What to do - Could you copy the lines below exactly, leaving none out?

Saved entries:
(* For each $n\in\mathbb{N}$ and $r\in(0,+\infty]$, the continuous $\mathcal{O}(\mathbb{C}^\times)$-algebra homomorphism $\mathcal{O}_{\mathrm{def}}(\mathbb{D}_r^n)\to\mathcal{O}^T_{\mathrm{def}}(\mathbb{D}_r^n)$ induced by the inclusion $\mathcal{F}(\mathbb{D}_r^n)\subset\mathcal{F}^T(\mathbb{D}_r^n)$ (sending the class of $\zeta_i$ to the class of $\zeta_i$ and $z$ to $z$) is a topological isomorphism.
   Context: $\mathbb{C}^\times=\mathbb{C}\setminus\{0\}$; $\mathcal{O}(\mathbb{C}^\times)$ holomorphic functions on $\mathbb{C}^\times$, coordinate $z$. $W_n$: finite words $\alpha$ over $\{1,\dots,n\}$, length $|\alpha|$; $s(\alpha)$ is the number of $i$ with $\alpha_i\ne\alpha_{i+1}$ ($s(\alpha)=|\alpha|-1$ if $|\alpha|\le1$). $\mathcal{F}^T(\mathbb{D}_r^n)$: Fréchet algebra of series $\sum_\alpha c_\alpha\zeta_\alpha$ with $\sum|c_\alpha|\rho^{|\alpha|}<\infty$ for all $\rho\in(0,r)$; $\mathcal{F}(\mathbb{D}_r^n)$: those with $\sum|c_\alpha|\rho^{|\alpha|}\tau^{s(\alpha)+1}<\infty$ for all $\rho\in(0,r)$, $\tau\ge1$; both with concatenation product and topology from these norms (so $\mathcal{F}(\mathbb{D}_r^n)\subset\mathcal{F}^T(\mathbb{D}_r^n)$ continuously). For such $F$, $\mathcal{O}(\mathbb{C}^\times,F)\cong\mathcal{O}(\mathbb{C}^\times)\widehat\otimes F$; $\mathcal{O}_{\mathrm{def}}(\mathbb{D}_r^n)$ and $\mathcal{O}^T_{\mathrm{def}}(\mathbb{D}_r^n)$ are the quotients of $\mathcal{O}(\mathbb{C}^\times,\mathcal{F}(\mathbb{D}_r^n))$ and $\mathcal{O}(\mathbb{C}^\times,\mathcal{F}^T(\mathbb{D}_r^n))$ by the closed two-sided ideals generated by $\zeta_i\zeta_j-z\zeta_j\zeta_i$ ($i<j$). *)

From Stdlib Require Import Reals ZArith List.
Open Scope R_scope.

Definition C := (R * R)%type.
Definition C0 : C := (0, 0).
Definition C1 : C := (1, 0).
Definition Cadd (x y : C) : C := (fst x + fst y, snd x + snd y).
Definition Copp (x : C) : C := (- fst x, - snd x).
Definition Csub (x y : C) : C := Cadd x (Copp y).
Definition Cmul (x y : C) : C :=
  (fst x * fst y - snd x * snd y, fst x * snd y + snd x * fst y).
Definition Cnorm (x : C) : R := sqrt (fst x * fst x + snd x * snd x).

Definition CSeries (u : nat -> C) (L : C) : Prop :=
  infinite_sum (fun k => fst (u k)) (fst L) /\ infinite_sum (fun k => snd (u k)) (snd L).

Definition ZHasSum (f : Z -> C) (L : C) : Prop :=
  exists L1 L2, CSeries (fun k => f (Z.of_nat k)) L1 /\
                CSeries (fun k => f (- Z.of_nat (S k))%Z) L2 /\ L = Cadd L1 L2.

(** Words over {0,...,n-1} (letters shifted by one w.r.t. the paper). *)
Definition word := list nat.
Definition valid (n : nat) (a : word) : Prop := Forall (fun i => (i < n)%nat) a.

(** switches a = number of i with a_i <> a_{i+1}; splus1 a = s(a)+1
    (so splus1 [] = 0, splus1 [x] = 1, as in the paper's convention). *)
Fixpoint switches (a : word) : nat :=
  match a with
  | x :: ((y :: _) as t) => ((if Nat.eq_dec x y then 0 else 1) + switches t)%nat
  | _ => 0%nat
  end.
Definition splus1 (a : word) : nat :=
  match a with nil => 0%nat | _ => S (switches a) end.

Fixpoint words (n m : nat) : list word :=
  match m with
  | O => nil :: nil
  | S m' => flat_map (fun i => map (cons i) (words n m')) (seq 0 n)
  end.

Definition sumR {A} (f : A -> R) (l : list A) : R := fold_right (fun x s => f x + s) 0 l.
Definition sumC {A} (f : A -> C) (l : list A) : C := fold_right (fun x s => Cadd (f x) s) C0 l.

(** Elements of O(C^x, F) are encoded by their coefficient families
    c k a  (coefficient of z^k zeta_a, k : Z). *)
Definition Coef := Z -> word -> C.
Definition czero : Coef := fun _ _ => C0.

(** Finite partial weighted l^1-sums: |k| <= N, |a| <= N. *)
Definition PS (n : nat) (w : Z -> word -> R) (c : Coef) (N : nat) : R :=
  sumR (fun k => sumR (fun m => sumR (fun a => Cnorm (c k a) * w k a) (words n m))
                      (seq 0 (S N)))
       (map (fun i => (Z.of_nat i - Z.of_nat N)%Z) (seq 0 (S (2 * N)))).

(** Radius r in (0,+oo]: None stands for +oo. *)
Definition ltr (r : option R) (s : R) : Prop :=
  match r with Some r' => s < r' | None => True end.

(** Seminorm parameters p = (rho, sigma, tau).  The Laurent factor is rho^|k|
    with rho >= 1 (equivalent, directed, family to sum_k |a_k| rho^k, rho>0). *)
Definition param := (R * R * R)%type.
Definition adm (r : option R) (p : param) : Prop :=
  let '(rho, sg, tau) := p in 1 <= rho /\ 0 < sg /\ ltr r sg /\ 1 <= tau.

(** weights for O(C^x, F(D_r^n)) *)
Definition wF (p : param) (k : Z) (a : word) : R :=
  let '(rho, sg, tau) := p in rho ^ Z.abs_nat k * sg ^ length a * tau ^ splus1 a.
(** weights for O(C^x, F^T(D_r^n)) (tau unused) *)
Definition wFT (p : param) (k : Z) (a : word) : R :=
  let '(rho, sg, tau) := p in rho ^ Z.abs_nat k * sg ^ length a.

Definition InSp (n : nat) (r : option R) (W : param -> Z -> word -> R) (c : Coef) : Prop :=
  (forall k a, ~ valid n a -> c k a = C0) /\
  forall p, adm r p -> exists M, forall N, PS n (W p) c N <= M.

The answer -
(* For each $n\in\mathbb{N}$ and $r\in(0,+\infty]$, the continuous $\mathcal{O}(\mathbb{C}^\times)$-algebra homomorphism $\mathcal{O}_{\mathrm{def}}(\mathbb{D}_r^n)\to\mathcal{O}^T_{\mathrm{def}}(\mathbb{D}_r^n)$ induced by the inclusion $\mathcal{F}(\mathbb{D}_r^n)\subset\mathcal{F}^T(\mathbb{D}_r^n)$ (sending the class of $\zeta_i$ to the class of $\zeta_i$ and $z$ to $z$) is a topological isomorphism.
   Context: $\mathbb{C}^\times=\mathbb{C}\setminus\{0\}$; $\mathcal{O}(\mathbb{C}^\times)$ holomorphic functions on $\mathbb{C}^\times$, coordinate $z$. $W_n$: finite words $\alpha$ over $\{1,\dots,n\}$, length $|\alpha|$; $s(\alpha)$ is the number of $i$ with $\alpha_i\ne\alpha_{i+1}$ ($s(\alpha)=|\alpha|-1$ if $|\alpha|\le1$). $\mathcal{F}^T(\mathbb{D}_r^n)$: Fréchet algebra of series $\sum_\alpha c_\alpha\zeta_\alpha$ with $\sum|c_\alpha|\rho^{|\alpha|}<\infty$ for all $\rho\in(0,r)$; $\mathcal{F}(\mathbb{D}_r^n)$: those with $\sum|c_\alpha|\rho^{|\alpha|}\tau^{s(\alpha)+1}<\infty$ for all $\rho\in(0,r)$, $\tau\ge1$; both with concatenation product and topology from these norms (so $\mathcal{F}(\mathbb{D}_r^n)\subset\mathcal{F}^T(\mathbb{D}_r^n)$ continuously). For such $F$, $\mathcal{O}(\mathbb{C}^\times,F)\cong\mathcal{O}(\mathbb{C}^\times)\widehat\otimes F$; $\mathcal{O}_{\mathrm{def}}(\mathbb{D}_r^n)$ and $\mathcal{O}^T_{\mathrm{def}}(\mathbb{D}_r^n)$ are the quotients of $\mathcal{O}(\mathbb{C}^\times,\mathcal{F}(\mathbb{D}_r^n))$ and $\mathcal{O}(\mathbb{C}^\times,\mathcal{F}^T(\mathbb{D}_r^n))$ by the closed two-sided ideals generated by $\zeta_i\zeta_j-z\zeta_j\zeta_i$ ($i<j$). *)

From Stdlib Require Import Reals ZArith List.
Open Scope R_scope.

Definition C := (R * R)%type.
Definition C0 : C := (0, 0).
Definition C1 : C := (1, 0).
Definition Cadd (x y : C) : C := (fst x + fst y, snd x + snd y).
Definition Copp (x : C) : C := (- fst x, - snd x).
Definition Csub (x y : C) : C := Cadd x (Copp y).
Definition Cmul (x y : C) : C :=
  (fst x * fst y - snd x * snd y, fst x * snd y + snd x * fst y).
Definition Cnorm (x : C) : R := sqrt (fst x * fst x + snd x * snd x).

Definition CSeries (u : nat -> C) (L : C) : Prop :=
  infinite_sum (fun k => fst (u k)) (fst L) /\ infinite_sum (fun k => snd (u k)) (snd L).

Definition ZHasSum (f : Z -> C) (L : C) : Prop :=
  exists L1 L2, CSeries (fun k => f (Z.of_nat k)) L1 /\
                CSeries (fun k => f (- Z.of_nat (S k))%Z) L2 /\ L = Cadd L1 L2.

(** Words over {0,...,n-1} (letters shifted by one w.r.t. the paper). *)
Definition word := list nat.
Definition valid (n : nat) (a : word) : Prop := Forall (fun i => (i < n)%nat) a.

(** switches a = number of i with a_i <> a_{i+1}; splus1 a = s(a)+1
    (so splus1 [] = 0, splus1 [x] = 1, as in the paper's convention). *)
Fixpoint switches (a : word) : nat :=
  match a with
  | x :: ((y :: _) as t) => ((if Nat.eq_dec x y then 0 else 1) + switches t)%nat
  | _ => 0%nat
  end.
Definition splus1 (a : word) : nat :=
  match a with nil => 0%nat | _ => S (switches a) end.

Fixpoint words (n m : nat) : list word :=
  match m with
  | O => nil :: nil
  | S m' => flat_map (fun i => map (cons i) (words n m')) (seq 0 n)
  end.

Definition sumR {A} (f : A -> R) (l : list A) : R := fold_right (fun x s => f x + s) 0 l.
Definition sumC {A} (f : A -> C) (l : list A) : C := fold_right (fun x s => Cadd (f x) s) C0 l.

(** Elements of O(C^x, F) are encoded by their coefficient families
    c k a  (coefficient of z^k zeta_a, k : Z). *)
Definition Coef := Z -> word -> C.
Definition czero : Coef := fun _ _ => C0.

(** Finite partial weighted l^1-sums: |k| <= N, |a| <= N. *)
Definition PS (n : nat) (w : Z -> word -> R) (c : Coef) (N : nat) : R :=
  sumR (fun k => sumR (fun m => sumR (fun a => Cnorm (c k a) * w k a) (words n m))
                      (seq 0 (S N)))
       (map (fun i => (Z.of_nat i - Z.of_nat N)%Z) (seq 0 (S (2 * N)))).

(** Radius r in (0,+oo]: None stands for +oo. *)
Definition ltr (r : option R) (s : R) : Prop :=
  match r with Some r' => s < r' | None => True end.

(** Seminorm parameters p = (rho, sigma, tau).  The Laurent factor is rho^|k|
    with rho >= 1 (equivalent, directed, family to sum_k |a_k| rho^k, rho>0). *)
Definition param := (R * R * R)%type.
Definition adm (r : option R) (p : param) : Prop :=
  let '(rho, sg, tau) := p in 1 <= rho /\ 0 < sg /\ ltr r sg /\ 1 <= tau.

(** weights for O(C^x, F(D_r^n)) *)
Definition wF (p : param) (k : Z) (a : word) : R :=
  let '(rho, sg, tau) := p in rho ^ Z.abs_nat k * sg ^ length a * tau ^ splus1 a.
(** weights for O(C^x, F^T(D_r^n)) (tau unused) *)
Definition wFT (p : param) (k : Z) (a : word) : R :=
  let '(rho, sg, tau) := p in rho ^ Z.abs_nat k * sg ^ length a.

Definition InSp (n : nat) (r : option R) (W : param -> Z -> word -> R) (c : Coef) : Prop :=
  (forall k a, ~ valid n a -> c k a = C0) /\
  forall p, adm r p -> exists M, forall N, PS n (W p) c N <= M.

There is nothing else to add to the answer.